#### notes

Look at the following figures:

In Fig. (i), trapezium ABCD and parallelogram EFCD have a common side DC. We say that trapezium ABCD and parallelogram EFCD are on the same base DC.

Similarly, in Fig.(ii), parallelograms PQRS and MNRS are on the same base SR;

In Fig.(iii), triangles ABC and DBC are on the same base BC and in Fig.(iv), parallelogram ABCD and triangle PDC are on the same base DC.

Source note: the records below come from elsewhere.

Lemma in_pitv_entry n : (~ in_pitv n /\ in_pitv (n + 1)) <-> (N %| n + 1 - lo)%Z.
Proof.
split=> [[nin [k hk]]|/dvdzP[k hk]].
  apply/dvdzP; exists k.
  have : ~ (lo <= n - k * N <= hi) by move=> h; apply: nin; exists k.
  lia.
split; last by exists k; lia.
case=> k' hk'.
case: (ltgtP (k - k') 0) => hk''; nia.
Qed.
End PeriodicInterval.

Section PeriodicSums.
Variables (R : ringType) (N : nat).
Hypothesis N_gt0 : (0 < N)%N.

Lemma sum_by_parts_cyclic (a b : nat -> R) : a N.+1 = a 1%N -> b N = b 0%N ->
  \sum_(1 <= j < N.+1) a j * (b j - b j.-1) =
  \sum_(1 <= j < N.+1) (a j - a j.+1) * b j.
Proof.
move=> aN b0.
rewrite !(eq_bigr _ (fun j _ => mulrBl _ _ _)) !(eq_bigr _ (fun j _ => mulrBr _ _ _)).
rewrite !sumrB; congr (_ - _).
case: N N_gt0 aN b0 => // n _ aN b0.
by rewrite [LHS]big_nat_recl // [RHS]big_nat_recr //= aN -b0 addrC.
Qed.

Lemma sum_dvdz_periodic (F : int -> R) (m : int) :
  (forall n k : int, F (n + k * N%:Z) = F n) ->
  \sum_(1 <= j < N.+1) (if (N%:Z %| j%:Z - m)%Z then F j%:Z else 0) = F m.
Proof.
move=> Fper.
have [j0 [hj0 hd0]] : exists j0 : nat, (1 <= j0 <= N)%N /\ (N%:Z %| j0%:Z - m)%Z.
  have N0 : (0 < N%:Z)%R by lia.
  have := modz_ge0 (m - 1) (lt0r_neq0 N0); have := ltz_pmod (m - 1) N0.
  have := divz_eq (m - 1) N%:Z.
  exists `|((m - 1) %% N%:Z)%Z|%N.+1; split; first lia.
  by apply/dvdzP; exists (- ((m - 1) %/ N%:Z)%Z); lia.
rewrite (bigD1_seq j0) /=; [|by rewrite mem_index_iota; lia|exact: iota_uniq].
rewrite hd0 big1_seq ?addr0 => [|j /andP [jj0 /[!mem_index_iota] jN]].
  by case/dvdzP: hd0 => k hk; rewrite -(Fper m k) -hk; congr F; lia.
case: ifP => // /dvdzP [k hk]; case/dvdzP: hd0 => k0 hk0.
move/eqP: jj0; have : (j%:Z - j0%:Z = (k - k0) * N%:Z)%R by lia.
case: (ltgtP (k - k0) 0) => hk'; nia.
Qed.
End PeriodicSums.

Section Trig.
Variable R : realType.

Lemma sinDz2pi (a : R) (q : int) : sin (a + q%:~R * (2 * pi)) = sin a.
Proof.
case: q => n.
  by rewrite -[(Posz n)%:~R]/(n%:R : R) !mulr_natl; exact: periodicn (@sinD2pi R) n a.
rewrite NegzE mulrNz -[(Posz n.+1)%:~R]/(n.+1%:R : R) mulNr !mulr_natl.
have := periodicn (@sinD2pi R) n.+1 (a - (pi *+ 2) *+ n.+1).
by rewrite subrK => ->.
Qed.

Lemma dist_sin_le (a b : R) : `|sin b - sin a| <= `|b - a|.
Proof.
wlog ab : a b / a <= b.
  move=> H; case: (leP a b) => [/H//|/ltW ba].
  by rewrite distrC [`|b - a|]distrC; apply: H.
have [c _ ->] : exists2 c, c \in `[a, b]%R & sin b - sin a = cos c * (b - a).
  apply: (@MVT_segment R sin cos a b ab (fun x _ => is_derive_sin x)).
  by apply/continuous_subspaceT=> ?; exact: continuous_sin.
by rewrite normrM -[X in _ <= X]mul1r ler_wpM2r // cos_max.
Qed.

Lemma sinD_sub_sinB (x y : R) : sin (x + y) - sin (x - y) = 2 * cos x * sin y.
Proof. by rewrite sinD sinB; ring. Qed.

Lemma rotation_err (x t p q P Q e : R) :
  `|p - P| <= e -> `|q - Q| <= e ->
  `|(cos x * (cos t * p - sin t * q) + sin x * (cos t * q + sin t * p))
    - (cos x * (cos t * P - sin t * Q) + sin x * (cos t * Q + sin t * P))| <= 4 * e.
Proof.
move=> pP qQ.
have bound (u v r : R) : `|u| <= 1 -> `|v| <= 1 -> `|r| <= e -> `|u * v * r| <= e.
  move=> u1 v1 re; rewrite !normrM.
  move: u1 v1 re (normr_ge0 u) (normr_ge0 v) (normr_ge0 r).
  move: `|u| `|v| `|r| => U V W U1 V1 We U0 V0 W0.
  have : U * V <= 1 by nra.
  have : 0 <= U * V by nra.
  nra.
rewrite [X in `|X|](_ : _ = cos x * cos t * (p - P) - cos x * sin t * (q - Q)
  + (sin x * cos t * (q - Q) + sin x * sin t * (p - P))); last by ring.
apply: le_trans (ler_normD _ _) _; apply: le_trans (lerD (ler_normB _ _) (ler_normD _ _)) _.
have := bound _ _ _ (cos_max x) (cos_max t) pP; have := bound _ _ _ (cos_max x) (sin_max t) qQ.
have := bound _ _ _ (sin_max x) (cos_max t) qQ; have := bound _ _ _ (sin_max x) (sin_max t) pP.
lra.
Qed.

Lemma cos_sub_sub_expand (x xi t r : R) :
  cos x * (cos t * (r * cos xi) - sin t * (r * sin xi))
  + sin x * (cos t * (r * sin xi) + sin t * (r * cos xi)) = r * cos (x - xi - t).
Proof.
have -> : x - xi - t = x - (xi + t) by ring.
by rewrite cosB cosD sinD; ring.
Qed.
End Trig.

Section PeriodicBox.
Variable R : realType.

Definition in_pbox (w xi t : R) : bool :=
  `[< exists k : int, `|t - xi - k%:~R * (2 * pi)| <= w / 2 >].

Lemma in_pbox_shift (w xi t : R) (q : int) :
  in_pbox w xi (t + q%:~R * (2 * pi)) = in_pbox w xi t.
Proof.
apply/asboolP/asboolP => -[k hk].
  by exists (k - q); rewrite intrB; congr (`|_| <= _): hk; ring.
by exists (k + q); rewrite intrD; congr (`|_| <= _): hk; ring.
Qed.

Lemma in_pbox_grid (w xi d : R) (N : nat) (n : int) :
  0 < d -> N%:R * d = 2 * pi ->
  in_pbox w xi (n%:~R * d) <->
  in_pitv N (Num.ceil ((xi - w / 2) / d)) (Num.floor ((xi + w / 2) / d)) n.
Proof.
move=> d_gt0 Nd.
have dist k : (`|n%:~R * d - xi - k%:~R * (2 * pi)| <= w / 2) =
    (Num.ceil ((xi - w / 2) / d) <= n - k * N <= Num.floor ((xi + w / 2) / d)).
  rewrite ceil_le_int floor_ge_int (ler_pdivrMr _ _ d_gt0) (ler_pdivlMr _ _ d_gt0).
  rewrite ler_norml.
  rewrite -Nd intrB intrM.
  by apply/andP/andP => -[h1 h2]; split; lra.
by split=> [/asboolP[k hk]|[k hk]]; [exists k; rewrite -dist|apply/asboolP; exists k; rewrite dist].
Qed.
End PeriodicBox.

Section GridSum.
Variables (R : realType) (w xi psi d : R) (N : nat).
Hypotheses (d_gt0 : 0 < d) (Nd : N%:R * d = 2 * pi).
Hypotheses (d_le_w : d <= w) (wd_lt_2pi : w + d < 2 * pi).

Now look at the following figures:

In Fig. (i), clearly trapezium ABCD and parallelogram EFCD are on the same base DC. In addition to the above, the vertices A and B (of trapezium ABCD) opposite to base DC and the vertices E and F (of parallelogram EFCD) opposite to base DC lie on a line AF parallel to DC. We say that trapezium ABCD and parallelogram EFCD are on the same base DC and between the same parallels AF and DC. Similarly, parallelograms PQRS and MNRS are on the same base SR and between the same parallels PN and SR [see Fig.(ii)] as vertices P and Q of PQRS and vertices M and N of MNRS lie on a line PN parallel to base SR.In the same way, triangles ABC and DBC lie on the same base BC and between the same parallels AD and BC [see Fig. (iii)] and parallelogram ABCD and triangle PCD lie on the same base DC and between the same parallels AP and DC [see Fig.(iv)].

So, two figures are said to be on the same base and between the same parallels, if they have a common base (side) and the vertices (or the vertex) opposite to the common base of each figure lie on a line parallel to the base.